Jason Westin, MD, MS, FACP, director, Lymphoma Clinical Research, section chief, Aggressive Lymphoma, and associate professor, Department of Lymphoma/Myeloma, Division of Cancer Medicine at The University of Texas MD Anderson Cancer Center, discusses the potential for a chemotherapy-free future in large cell lymphoma.
For patients with diffuse large B-cell lymphoma, one option in the frontline setting is to modify the chemotherapy, says Westin. Dose-adjusted rituximab (Rituxan), etoposide phosphate, prednisone, vincristine sulfate, cyclophosphamide, and doxorubicin hydrochloride (R-EPOCH) is a modified version of rituximab (Rituxan), cyclophosphamide, doxorubicin, vincristine, and prednisone (R-CHOP), explains Westin. The combination of hyperfractionated cyclophosphamide, vincristine, doxorubicin, and dexamethasone (hyper-CVAD) or cyclophosphamide, vincristine, doxorubicin, high-dose methotrexate (CODOX-M) are also modified versions of R-CHOP, which are all largely based on 1970s chemotherapy.
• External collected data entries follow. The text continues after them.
Lemma sum_mul_sum_inv_ge (R : realFieldType) (I : eqType) (r s : seq I) (a b : I -> R) :
  (forall i, i \in r -> 0 < a i) -> (forall j, j \in s -> 0 < b j) ->
  2 * (size r * size s)%:R <=
  (\sum_(i <- r) a i) * (\sum_(j <- s) (b j)^-1) +
  (\sum_(j <- s) b j) * (\sum_(i <- r) (a i)^-1).
Proof.
move=> a_gt0 b_gt0.
have ratio_ge2 (x y : R) : 0 < x -> 0 < y -> 2 <= x / y + y / x.
  move=> x_gt0 y_gt0; have -> : x / y + y / x = 2 + (x - y) ^+ 2 / (x * y).
    by field; rewrite !gt_eqF.
  by rewrite lerDl; apply: divr_ge0; [exact: sqr_ge0 | apply: mulr_ge0; exact: ltW].
have -> : (\sum_(i <- r) a i) * (\sum_(j <- s) (b j)^-1) +
    (\sum_(j <- s) b j) * (\sum_(i <- r) (a i)^-1) =
    \sum_(i <- r) \sum_(j <- s) (a i / b j + b j / a i).
  rewrite [RHS](eq_bigr (fun i => a i * \sum_(j <- s) (b j)^-1 +
                             (\sum_(j <- s) b j) * (a i)^-1)) => [|i _].
    by rewrite big_split /= -big_distrl -big_distrr.
  by rewrite big_split /= -big_distrr -big_distrl.
have sum_const (x : R) (t : seq I) : \sum_(i <- t) x = x *+ size t.
  by rewrite big_const_seq count_predT iter_addr_0.
have -> : 2 * (size r * size s)%:R = \sum_(i <- r) \sum_(j <- s) (2 : R).
  by rewrite !sum_const -mulrnA mulr_natr mulnC.
rewrite big_seq [leRHS]big_seq; apply: ler_sum => i i_in.
rewrite big_seq [leRHS]big_seq; apply: ler_sum => j j_in.
exact: ratio_ge2 (a_gt0 i i_in) (b_gt0 j j_in).
Qed.

Lemma max_hitting_times_ge_interior (R : realType) n (pi : int -> R) :
  (0 < n)%N -> (forall x, - n%:Z < x < n%:Z -> 0 <= pi x <= 1) ->
  (forall x, - n%:Z < x < n%:Z -> 0 < pi x < 1) ->
  ((2 * n%:R ^+ 2)%:E <= Order.max (expected_hitting_time n pi 0 n%:Z)
                                   (expected_hitting_time n pi 0 (- n%:Z)))%E.
Proof.
move=> n_gt0 pi01 pi_open.
have [c rev] : exists c : nat -> R, reversible_weights n pi c.
  by eexists; apply: reversible_weights_prod => k k_in; apply: pi_open; rewrite /state; lia.
have up := hitting_time_ge_reversible n_gt0 pi01 rev.
have down := hitting_time_ge_reversible n_gt0 (mirror01 pi01) (reversible_weights_mirror rev).
rewrite sum_reflect_halves_r (@sum_reflect_halves _ n (fun l => (c l)^-1)) in down.
rewrite -(expected_hitting_time_mirror _ 0 (- n%:Z)) // oppr0 opprK.
have c_gt0 a b : (b <= n.*2)%N -> forall m, m \in index_iota a b -> 0 < c m.
  by move=> b_le m; rewrite mem_index_iota => m_in; apply: rev.1; lia.
have := sum_mul_sum_inv_ge (c_gt0 0%N n ltac:(lia)) (c_gt0 n n.*2 (leqnn _)).
rewrite !size_iota subn0 (_ : n.*2 - n = n)%N -?expr2 -?natrM; last lia.
move=> amgm; rewrite le_max; apply/orP.
have [big_up | small_up] := lerP (2 * n%:R ^+ 2)
  (2 * (\sum_(0 <= l < n) c l) * \sum_(n <= m < n.*2) (c m)^-1).
  by left; apply: le_trans up; rewrite lee_fin.
by right; apply: le_trans down; rewrite lee_fin; lra.
Qed.

Lemma pi_neq0_of_no_barrier (R : nzRingType) n (pi : int -> R) x :
  ~ up_barrier n pi -> ~ up_barrier n (mirror pi) -> - n%:Z < x < n%:Z -> pi x != 0.
Proof.
move=> no_barrier no_barrierM x_in; apply/eqP => pi_x.
apply: no_barrier; exists x; split=> // y y_in; apply/eqP => pi_y.
apply: no_barrierM; exists (- y); split; first lia.
  by rewrite /mirror opprK pi_y subrr.
by move=> z z_in; lia.
Qed.

Lemma pi_open_of_no_barrier (R : realDomainType) n (pi : int -> R) :
  (forall x, - n%:Z < x < n%:Z -> 0 <= pi x <= 1) ->
  ~ up_barrier n pi -> ~ up_barrier n (mirror pi) ->
  forall x, - n%:Z < x < n%:Z -> 0 < pi x < 1.
Proof.
move=> pi01 no_barrier no_barrierM x x_in.
have pi_neq0 := pi_neq0_of_no_barrier no_barrier no_barrierM x_in.
have := pi_neq0_of_no_barrier (x := - x) no_barrierM; rewrite mirrorK /mirror opprK.
move=> /(_ no_barrier ltac:(lia)); rewrite subr_eq0 => pi_neq1.
by rewrite !lt_def pi_neq0 pi_neq1 pi01.
Qed.

Theorem corollary1 (R : realType) (n : nat) (pi : int -> R) :
  (0 < n)%N ->
  (forall i : int, - n%:Z < i < n%:Z -> 0 <= pi i <= 1) ->
  ((2 / 3 * (n%:R) ^+ 2 : R)%:E <=
    Order.max (expected_hitting_time n pi 0 n%:Z)
              (expected_hitting_time n pi 0 (- n%:Z)))%E.
Proof.
move=> n_gt0 pi01.
have [barrier | no_barrier] := pselect (up_barrier n pi).
  by rewrite expected_hitting_time_up_barrier // le_max leey.
have [barrierM | no_barrierM] := pselect (up_barrier n (mirror pi)).
  rewrite -(expected_hitting_time_mirror _ 0 (- n%:Z)) // oppr0 opprK.
  by rewrite (expected_hitting_time_up_barrier n_gt0 (mirror01 pi01) barrierM) le_max leey orbT.
apply: le_trans (max_hitting_times_ge_interior n_gt0 pi01
  (pi_open_of_no_barrier pi01 no_barrier no_barrierM)).
by rewrite lee_fin ler_wpM2r ?sqr_ge0 //; lra.
Qed.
Multiple attempts to add targeted agents to R-CHOP have been made, says Westin; however, this approach has failed because the chemotherapy drugs do not synergize well with new targeted agents. At The University of Texas MD Anderson Cancer Center, multiple clinical trials are evaluating the combination of targeted agents for newly diagnosed patients with large cell lymphoma, and response rates above 80% are being observed without any chemotherapy. The data are still immature and require more follow-up, but there is potential for a chemotherapy-free future for large cell lymphoma, concludes Westin.